As presumed, none of the methanolic rice cultivar extracts provoked a significant insulin secretion in pancreatic beta cell lines. This is in line with previously reported results. Although Sugita et al. [31] demonstrated otherwise using a genetically modified rice which stimulated insulin secretion in a mouse pancreatic beta cell line.

Even though not potent when compared to rosiglitazone, the modest glucose uptake capacity of the germinated brown rice methanolic extract of MRQ 74 and MR 84 could play a long-term significant role in overweight and obese patients where rice is their staple food. This would likely retard progression to obesity and other diet-related metabolic disorders.
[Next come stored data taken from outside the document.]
(* Consider the continuous-time system $\dot x=Ax+Bu+Lf(t,z)$, $z=Hx$, with $A,B$ unknown, $L\in\mathbb{R}^{n\times p}$ and $H\in\mathbb{R}^{p\times n}$ known, and data $U_0,X_0,X_1,F_0$ (with $X_1$ containing sampled state derivatives) satisfying $X_1=AX_0+BU_0+LF_0$. Suppose there exists $Y\in\mathbb{R}^{T\times n}$ such that $X_0Y$ is symmetric positive definite, $Y^\top(X_1-LF_0)^\top+(X_1-LF_0)Y\prec 0$, and $L+X_0YH^\top=0$. Then with $K=U_0Y(X_0Y)^{-1}$ the origin of the closed-loop system $\dot x=(A+BK)x+Lf(t,Hx)$ is globally uniformly asymptotically stable for every passive nonlinearity $f$, i.e. every $f:\mathbb{R}\times\mathbb{R}^p\to\mathbb{R}^p$ (piecewise continuous in $t$, locally Lipschitz in $z$) with $z^\top f(t,z)\ge 0$ for all $t,z$.
   Context: Data: $U_0=[u(t_0)\cdots u(t_{T-1})]$, $X_0=[x(t_0)\cdots x(t_{T-1})]$, $X_1=[\dot x(t_0)\cdots\dot x(t_{T-1})]$, $F_0=[f(t_0,z(t_0))\cdots f(t_{T-1},z(t_{T-1}))]$ from an experiment on the system. *)

From HB Require Import structures.
From mathcomp Require Import all_boot all_order all_algebra.
From mathcomp Require Import all_classical all_reals all_analysis.
Set Implicit Arguments. Unset Strict Implicit. Unset Printing Implicit Defensive.
Import Order.TTheory GRing.Theory Num.Theory.
Import numFieldNormedType.Exports.
Local Open Scope classical_set_scope.
Local Open Scope ring_scope.

Section Defs.
Variable R : realType.

Definition locally_finite_set (S : set R) : Prop :=
  forall a b : R, finite_set (S `&` `[a, b]).

Definition sym_posdef (n : nat) (M : 'M[R]_n) : Prop :=
  M^T = M /\ forall v : 'cV[R]_n, v != 0 -> 0 < (v^T *m M *m v) 0 0.
Definition negdef (n : nat) (M : 'M[R]_n) : Prop :=
  forall v : 'cV[R]_n, v != 0 -> (v^T *m M *m v) 0 0 < 0.

Definition passive (p : nat) (f : R -> 'cV[R]_p -> 'cV[R]_p) : Prop :=
  forall t z, 0 <= (z^T *m f t z) 0 0.

Definition piecewise_continuous_in_t (p : nat) (f : R -> 'cV[R]_p -> 'cV[R]_p) : Prop :=
  forall z, exists S : set R, locally_finite_set S /\
    forall t, ~ S t -> {for t, continuous (fun s => f s z)}.

Definition loc_lipschitz_in_z (p : nat) (f : R -> 'cV[R]_p -> 'cV[R]_p) : Prop :=
  forall t (z0 : 'cV[R]_p), exists r : R, exists c : R, 0 < r /\
    forall z1 z2, `|z1 - z0| < r -> `|z2 - z0| < r ->
      `|f t z1 - f t z2| <= c * `|z1 - z2|.

(* x : [t0, +oo) -> R^n is a solution of xdot = F(t, x): continuous on
   [t0, +oo), and differentiable with xdot(t) = F(t, x(t)) at every t > t0
   outside a locally finite set of times (covers piecewise-C^1 solutions
   of ODEs with right-hand sides piecewise continuous in t). *)
Definition ode_solution (n : nat) (F : R -> 'cV[R]_n -> 'cV[R]_n)
    (t0 : R) (x : R -> 'cV[R]_n) : Prop :=
  {within `[t0, +oo[, continuous x} /\
  exists S : set R, locally_finite_set S /\
    forall t, t0 < t -> ~ S t -> is_derive t 1 x (F t (x t)).

(* Global uniform asymptotic stability of the origin (Khalil, Def. 4.4),
   with initial times t0 >= 0. *)
Definition GUAS (n : nat) (F : R -> 'cV[R]_n -> 'cV[R]_n) : Prop :=
  (forall t, 0 <= t -> F t 0 = 0) /\
  (forall eps : R, 0 < eps -> exists delta : R, 0 < delta /\
     forall t0 x, 0 <= t0 -> ode_solution F t0 x -> `|x t0| < delta ->
       forall t, t0 <= t -> `|x t| < eps) /\
  (forall a : R, 0 < a -> exists c : R, 0 < c /\
     forall t0 x, 0 <= t0 -> ode_solution F t0 x -> `|x t0| < a ->
       forall t, t0 <= t -> `|x t| < c) /\
  (forall r eta : R, 0 < r -> 0 < eta -> exists T : R, 0 <= T /\
     forall t0 x, 0 <= t0 -> ode_solution F t0 x -> `|x t0| < r ->
       forall t, t0 + T <= t -> `|x t| < eta).
Lemma Ul_bot_neq_top (u : UlA) : \bot != \top :> A.
Proof.
by apply/eqP => bot_top; apply: (@phi_bot u); rewrite bot_top; apply: phi_top.
Qed.

Lemma step_imp_bot a : \bot != \top :> A ->
  step_imp a \bot = if `[< bad a >] then \bot else \top.
Proof. by move=> /negbTE bot_top; rewrite /step_imp bot_top. Qed.

Lemma pi_ext_step_imp_full (U V : UlA -> Prop) (u : UlA) :
  (forall Y, stone_closed Y -> subS Y U ->
     exists a, subS Y (phi a) /\ ~ bad a) ->
  pi_ext step_imp U V u.
Proof.
move=> closed_good Y O Yc YU _ _; have [a [Ya good_a]] := closed_good Y Yc YU.
exists a, \bot; split; [done | split; first by move=> x /phi_bot].
by rewrite step_imp_bot ?(Ul_bot_neq_top u) // asboolF //; apply: phi_top.
Qed.

Lemma sigma_ext_step_imp_empty (U : UlA -> Prop) (u : UlA) :
  (forall O, stone_open O -> subS U O -> exists a, subS (phi a) O /\ bad a) ->
  ~ sigma_ext step_imp U (fun _ => False) u.
Proof.
move=> nbhd_bad [O [Y [Oo [UO [_ [YV sigma_u]]]]]].
have [a [aO bad_a]] := nbhd_bad O Oo UO.
have := sigma_u a \bot aO (fun x Yx => False_ind _ (YV x Yx)).
by rewrite step_imp_bot ?(Ul_bot_neq_top u) // asboolT //; apply: phi_bot.
Qed.

End StepConditional.

Local Open Scope classical_set_scope.

Notation set_ultrafilter X := (@is_ultrafilter set_display (set X)).

Lemma set_ultrafilterP X (u : set X -> Prop) :
  ~ u set0 -> u setT -> (forall a b, a `<=` b -> u a -> u b) ->
  (forall a b, u a -> u b -> u (a `&` b)) -> (forall a, u a \/ u (~` a)) ->
  set_ultrafilter X u.
Proof. by move=> u0 uT uS uI uC; split=> // a b ua /subsetPset /uS; apply. Qed.

Lemma UltraFilter_set_ultrafilter X (F : set_system X) :
  UltraFilter F -> set_ultrafilter X F.
Proof.
move=> FU; apply: set_ultrafilterP => [|||a b|a].
- exact: filter_not_empty.
- exact: filterT.
- by move=> a b; apply: filterS.
- exact: filterI.
- exact: in_ultra_setVsetC.
Qed.

Definition nonprincipal X (u : set X -> Prop) := forall t, ~ u [set t].

Section SetUltrafilter.
Variables (X : Type) (u : set X -> Prop).
Hypothesis u_ultra : set_ultrafilter X u.

Lemma ultra_set0 : ~ u set0.
Proof. by case: u_ultra. Qed.

Lemma ultra_setT : u setT.
Proof. by case: u_ultra. Qed.

Lemma ultraS a b : u a -> a `<=` b -> u b.
Proof. by case: u_ultra => _ _ uS _ _ ua /subsetPset; apply: uS. Qed.

Lemma ultraI a b : u a -> u b -> u (a `&` b).
Proof. by case: u_ultra => _ _ _ uI _; apply: uI. Qed.

Lemma ultra_setVsetC a : u a \/ u (~` a).
Proof. by case: u_ultra. Qed.

Lemma ultra_nonempty a : u a -> a !=set0.
Proof.
by move=> ua; apply/set0P/eqP => a0; apply: ultra_set0; rewrite -a0.
Qed.

Lemma ultra_setC a : ~ u a -> u (~` a).
Proof. by case: (ultra_setVsetC a). Qed.

Lemma ultra_setCN a : u a -> ~ u (~` a).
Proof.
by move=> ua una; apply: ultra_set0; rewrite -(setICr a); apply: ultraI.
Qed.

Lemma ultraU a b : u (a `|` b) -> u a \/ u b.
Proof.
move=> uab; apply: contrapT => /not_orP[/ultra_setC na /ultra_setC nb].
have [t [[nat nbt] abt]] := ultra_nonempty (ultraI (ultraI na nb) uab).
by case: abt.
Qed.

Lemma ultra_set1 t : u [set t] -> u = principal_filter t.
Proof.
move=> ut; apply/funext => a; apply/propext; rewrite principal_filterP.
split=> [ua | a_t].
  by have [s [<- a_s]] := ultra_nonempty (ultraI ut ua).
by apply: (ultraS ut) => s ->.
Qed.

End SetUltrafilter.

Lemma ultra_preimage X Y (f : X -> Y) (u : set X -> Prop) :
  set_ultrafilter X u -> set_ultrafilter Y (fun b => u (f @^-1` b)).
Proof.
move=> uU; apply: set_ultrafilterP => [|||a b|a].
- exact: ultra_set0 uU.
- exact: ultra_setT uU.
- by move=> a b ab ua; apply: (ultraS uU ua) => x /ab.
- by move=> ua ub; apply: (ultraI uU ua ub).
- exact: (ultra_setVsetC uU (f @^-1` a)).
Qed.

Lemma nonprincipal_preimage X Y (f : X -> Y) (u : set X -> Prop) :
  set_ultrafilter X u -> injective f -> nonprincipal u ->
  nonprincipal (fun b => u (f @^-1` b)).
Proof.
move=> uU f_inj u_np y uy; have [x /= fxy] := ultra_nonempty uU uy.
apply: (u_np x); apply: (ultraS uU uy) => x' /= fx'y.
by apply: f_inj; rewrite fxy.
Qed.

Lemma ultra_limit I X (v : set I -> Prop) (us : I -> set X -> Prop) :
  set_ultrafilter I v -> (forall m, set_ultrafilter X (us m)) ->
  set_ultrafilter X (fun b => v (fun m => us m b)).
Proof.
move=> vU usU; apply: set_ultrafilterP => [|||a b|a].
- move=> v0; apply: (ultra_set0 vU).
  by apply: (ultraS vU v0) => m /(ultra_set0 (usU m)).
- by apply: (ultraS vU (ultra_setT vU)) => m _; apply: ultra_setT.
- move=> a b ab va; apply: (ultraS vU va) => m usa.
  exact: (ultraS (usU m) usa ab).
- move=> va vb; apply: (ultraS vU (ultraI vU va vb)) => m [usa usb].
  exact: (ultraI (usU m) usa usb).
- have [va|vna] := ultra_setVsetC vU (fun m => us m a); first by left.
  by right; apply: (ultraS vU vna) => m /= /(ultra_setC (usU m)).
Qed.

Lemma exists_nonprincipal_ultrafilter_nat :
  exists u, set_ultrafilter nat u /\ nonprincipal u.
Proof.
have [F [FU eventually_F]] := ultraFilterLemma (@eventually_filter).
exists F; split; first exact: UltraFilter_set_ultrafilter.
move=> m Fm; have : F (~` [set m]).
  by apply: eventually_F; exists m.+1 => // n /= mn nm; rewrite nm ltnn in mn.
by move=> /(filterI Fm); rewrite setICr; apply: filter_not_empty.
Qed.

Section StoneSpace.
Variable X : Type.
Local Notation UlX := (@Ul set_display (set X)).

Definition principal_pt (t : X) : UlX :=
  exist _ _ (UltraFilter_set_ultrafilter (principal_filter_ultra t)).

Definition trace (Y : UlX -> Prop) : set X :=
  fun t => exists2 y, Y y & sval y = principal_filter t.

Lemma trace_notin_closed (Y : UlX -> Prop) (x : UlX) :
  stone_closed Y -> ~ Y x -> ~ sval x (trace Y).
Proof.
move=> Yc Yx x_trace; have [c [xc cY]] := Yc x Yx.
have [t [ct [y Yy yt]]] :=
  ultra_nonempty (proj2_sig x) (ultraI (proj2_sig x) xc x_trace).
by apply: (cY y) Yy; rewrite /phi yt; apply/principal_filterP.
Qed.

End StoneSpace.

Definition grid := (nat + nat * nat)%type.
Local Notation Ugrid := (@Ul set_display (set grid)).

Definition nu : set nat -> Prop :=
  proj1_sig (cid exists_nonprincipal_ultrafilter_nat).

Lemma nu_ultra : set_ultrafilter nat nu.
Proof. exact: (proj2_sig (cid exists_nonprincipal_ultrafilter_nat)).1. Qed.

Lemma nu_nonprincipal : nonprincipal nu.
Proof. exact: (proj2_sig (cid exists_nonprincipal_ultrafilter_nat)).2. Qed.

Definition cell (n k : nat) : grid := inr (n, k).
Definition column n : set grid := range (cell n).

Lemma cell_inj n : injective (cell n).
Proof. by move=> k k' []. Qed.

Definition col_ultra n (b : set grid) := nu (cell n @^-1` b).
Definition index_ultra (b : set grid) := nu (inl @^-1` b).
Definition lim_ultra (b : set grid) := nu (fun n => col_ultra n b).

Lemma col_ultraU n : set_ultrafilter grid (col_ultra n).
Proof. exact: ultra_preimage nu_ultra. Qed.

Lemma index_ultraU : set_ultrafilter grid index_ultra.
Proof. exact: ultra_preimage nu_ultra. Qed.

Lemma lim_ultraU : set_ultrafilter grid lim_ultra.
Proof. exact: ultra_limit nu_ultra col_ultraU. Qed.

Definition col_pt n : Ugrid := exist _ _ (col_ultraU n).
Definition index_pt : Ugrid := exist _ _ index_ultraU.
Definition lim_pt : Ugrid := exist _ _ lim_ultraU.

Definition principal_or_lim (x : Ugrid) : Prop :=
  (exists t, sval x = principal_filter t) \/ sval x = lim_ultra.

Definition anchored (a : set grid) : Prop :=
  lim_ultra a /\ exists n, a (inl n) /\ col_ultra n a.

Lemma anchoredS a b : (a <= b)%O -> anchored a -> anchored b.
Proof.
move=> /subsetPset ab [lim_a [n [a_n col_a]]]; split.
  exact: (ultraS lim_ultraU lim_a ab).
by exists n; split; [apply: ab | exact: (ultraS (col_ultraU n) col_a ab)].
Qed.

Lemma col_ultra_column n : col_ultra n (column n).
Proof. by apply: (ultraS nu_ultra (ultra_setT nu_ultra)) => k _; exists k. Qed.

Lemma lim_ultra_bigcup_column (N : set nat) :
  nu N -> lim_ultra (\bigcup_(n in N) column n).
Proof.
move=> nu_N; apply: (ultraS nu_ultra nu_N) => n Nn.
by apply: (ultraS (col_ultraU n) (col_ultra_column n)) => t; exists n.
Qed.

Lemma notin_principal_or_lim (x : Ugrid) b :
  nonprincipal (sval x) -> sval x b -> ~ lim_ultra b -> ~ principal_or_lim x.
Proof.
move=> x_np xb lim_b [[t xt]|x_lim]; last by apply: lim_b; rewrite -x_lim.
by apply: (x_np t); rewrite xt; apply/principal_filterP.
Qed.

Lemma col_pt_notin n : ~ principal_or_lim (col_pt n).
Proof.
apply: (@notin_principal_or_lim (col_pt n) (column n) _ (col_ultra_column n)).
  exact: nonprincipal_preimage nu_ultra (@cell_inj n) nu_nonprincipal.
move=> lim_col; apply: (@nu_nonprincipal n); apply: (ultraS nu_ultra lim_col).
by move=> m /= /(ultra_nonempty nu_ultra) [k [k' _ [-> _]]].
Qed.

Lemma index_pt_notin : ~ principal_or_lim index_pt.
Proof.
have inl_inj : injective (@inl nat (nat * nat)) by move=> n n' [].
apply: (notin_principal_or_lim (b := range inl)).
- exact: nonprincipal_preimage nu_ultra inl_inj nu_nonprincipal.
- by apply: (ultraS nu_ultra (ultra_setT nu_ultra)) => n _; exists n.
- move=> lim_inl; apply: (ultra_set0 nu_ultra).
  apply: (ultraS nu_ultra lim_inl).
  by move=> m /= /(ultra_nonempty nu_ultra) [k [n]].
Qed.

Lemma open_sup_anchored (O : Ugrid -> Prop) :
  stone_open O -> subS principal_or_lim O ->
  exists a, subS (phi a) O /\ anchored a.
Proof.
move=> Oo UO; have [c [lim_c cO]] := Oo lim_pt (UO lim_pt (or_intror erefl)).
have [n col_c] := ultra_nonempty nu_ultra lim_c.
exists (c `|` [set inl n]); split.
  move=> x /(ultraU (proj2_sig x)) [xc|xn]; first exact: cO.
  by apply: UO; left; exists (inl n); exact: (ultra_set1 (proj2_sig x) xn).
split; first by apply: (ultraS lim_ultraU lim_c) => t; left.
by exists n; split; [right | apply: (ultraS (col_ultraU n) col_c) => t; left].
Qed.

Lemma closed_sub_unanchored (Y : Ugrid -> Prop) :
  stone_closed Y -> subS Y principal_or_lim ->
  exists a, subS Y (phi a) /\ ~ anchored a.
Proof.
move=> Yc YU; have [Y_lim|nY_lim] := pselect (Y lim_pt); last first.
  have [c [lim_c cY]] := Yc lim_pt nY_lim.
  exists (~` c); split; last by move=> [] /(ultra_setCN lim_ultraU lim_c).
  move=> x Yx; have [xc|//] := ultra_setVsetC (proj2_sig x) c.
  by case: (cY x xc).
set D := trace Y; set N := ~` [set n | D (inl n)].
have nu_N : nu N.
  apply: (ultra_setC nu_ultra); apply: (trace_notin_closed (x := index_pt) Yc).
  by move=> /YU; apply: index_pt_notin.
exists (D `|` \bigcup_(n in N) column n); split.
  move=> x /[dup] Yx /YU [[t xt]|x_lim].
    by rewrite /phi xt; apply/principal_filterP; left; exists x.
  rewrite /phi x_lim.
  by apply: (ultraS lim_ultraU (lim_ultra_bigcup_column nu_N)) => t; right.
move=> [_ [n [[Dn|[m _ [k _ //]]] col_a]]].
have /(ultraU (col_ultraU n)) [col_D|col_N] := col_a.
  apply: (trace_notin_closed Yc (x := col_pt n) _ col_D).
  by move=> /YU /col_pt_notin.
have [k [m Nm [k' _ [mn _]]]] := ultra_nonempty nu_ultra col_N.
by rewrite mn in Nm.
Qed.

Theorem theorem2p17 :
  exists (d : Order.disp_t) (A : ctbDistrLatticeType d) (imp : A -> A -> A),
    conditional_algebra imp /\
    exists U V : @Ul d A -> Prop, sigma_ext imp U V <> pi_ext imp U V.
Proof.
exists set_display, (set grid : ctbDistrLatticeType _), (step_imp anchored).
split; first exact: step_imp_conditional anchoredS.
exists principal_or_lim, (fun _ => False) => sigma_pi.
pose u := principal_pt (inl 0 : grid).
apply: (sigma_ext_step_imp_empty (u := u) open_sup_anchored).
by rewrite sigma_pi; apply: pi_ext_step_imp_full closed_sub_unanchored.
Qed.
Lemma nsum_exchange (F : nat -> nat -> nat) s1 n1 s2 n2 :
  nsum (fun i => nsum (F i) s2 n2) s1 n1 = nsum (fun j => nsum (fun i => F i j) s1 n1) s2 n2.
Proof.
  revert s1; induction n1; intros s1; simpl.
  - rewrite nsum_const; lia.
  - rewrite IHn1, <- nsum_add; auto.
Qed.

Lemma nsum_subrange_le f s n a m :
  (s <= a)%nat -> (a + m <= s + n)%nat -> (nsum f a m <= nsum f s n)%nat.
Proof.
  intros H1 H2.
  replace n with ((a - s) + (m + (s + n - (a + m))))%nat by lia.
  rewrite !nsum_cat; replace (s + (a - s))%nat with a by lia; lia.
Qed.

Lemma rsum_blocks g b N :
  rsum g 0 (N * b) = rsum (fun q => rsum (fun r => g (q * b + r)%nat) 0 b) 0 N.
Proof.
  induction N; auto.
  replace (S N * b)%nat with (N * b + b)%nat by lia.
  rewrite rsum_cat, IHN, <- Nat.add_1_r, rsum_cat; simpl.
  rewrite Rplus_0_r, (rsum_shift g 0 (N * b)).
  f_equal; apply rsum_ext; intros; f_equal; lia.
Qed.

Lemma exists_ge_average f s n X :
  (0 < n)%nat -> (X <= nsum f s n)%nat -> exists i, (s <= i < s + n)%nat /\ (X <= n * f i)%nat.
Proof.
  intros Hn HX; apply NNPP; intros Hno.
  assert (Hall : forall i, (s <= i < s + n)%nat -> (n * f i < X)%nat).
  { intros i Hi; destruct (le_lt_dec X (n * f i)); auto; exfalso; eauto. }
  assert (HX0 : (0 < X)%nat) by (specialize (Hall s); lia).
  assert (nsum (fun i => n * f i) s n <= nsum (fun _ => X - 1) s n)%nat
    by (apply nsum_le; intros i Hi; specialize (Hall i Hi); lia).
  rewrite nsum_mul_l, nsum_const in *.
  assert (n * X <= n * nsum f s n)%nat by (apply Nat.mul_le_mono_l; auto).
  nia.
Qed.
Lemma fin_down_family_directed {X : Type} (le : X -> X -> Prop) (L : X -> Prop) base :
  Directed {A | fin_down_family le L base A} (incl_le (fin_down_family le L base)).
Proof.
  split.
  - assert (F0 : fin_down_family le L base (down le (base ++ [])))
      by (exists []; split; [intros y [] | reflexivity]).
    exists (exist _ _ F0); auto.
  - intros [A [l1 [L1 ->]]] [B [l2 [L2 ->]]].
    assert (F12 : fin_down_family le L base (down le (base ++ l1 ++ l2))).
    { exists (l1 ++ l2); split; [|reflexivity].
      intros y; rewrite in_app_iff; intros [yl|yl]; auto. }
    exists (exist _ _ F12); unfold incl_le; simpl; split; apply down_incl;
      intro y; rewrite !in_app_iff; tauto.
Qed.

Lemma fin_down_family_union {X : Type} (le : X -> X -> Prop) (L : X -> Prop) base :
  IsPoset X le -> lower le L -> (forall y, In y base -> L y) ->
  bigunion (fin_down_family le L base) = L.
Proof.
  intros HX HL Hbase; apply pred_ext; intro x; split.
  - intros [A [[l [Hl ->]] [y [yin xy]]]]; apply (HL x y xy).
    apply in_app_iff in yin; destruct yin; auto.
  - intro Lx; exists (down le (base ++ [x])); split.
    + exists [x]; split; [intros y [<-|[]]; exact Lx | reflexivity].
    + apply down_in; [exact HX | apply in_app_iff; right; left; reflexivity].
Qed.

Definition principal_family {X : Type} (le : X -> X -> Prop) (L : X -> Prop)
  : (X -> Prop) -> Prop :=
  fun A => exists x, L x /\ A = down le [x].

Lemma principal_family_union {X : Type} (le : X -> X -> Prop) (L : X -> Prop) :
  IsPoset X le -> lower le L -> bigunion (principal_family le L) = L.
Proof.
  intros HX HL; apply pred_ext; intro x; split.
  - intros [A [[z [Lz ->]] [y [[<-|[]] xy]]]]; exact (HL x z xy Lz).
  - intro Lx; exists (down le [x]); split; [exists x; auto | apply down_in; simpl; auto].
Qed.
Diet-related metabolic diseases are often due to multifactorial causes [32]. Of these multifactorial causes, lack of energy balance has maintained a top position in the ranking [32]. There is no denying the fact that selecting a better quality rice such as one which is high in its amylose content, germinated and grown in areas where heavy metals are not prevalent, meaning that it could go a long way in retarding the progression of this epidemic in regions of the globe where rice is a staple food.

5. Conclusion

From the results and analysis presented above, the properties of germination and high amylose content, if present in a rice cultivar, as demonstrated in the germinated brown rice of cultivars of MRQ 74 and MR 84 cultivars, would less predispose persons who depend on them as a staple food to diet-related metabolic diseases.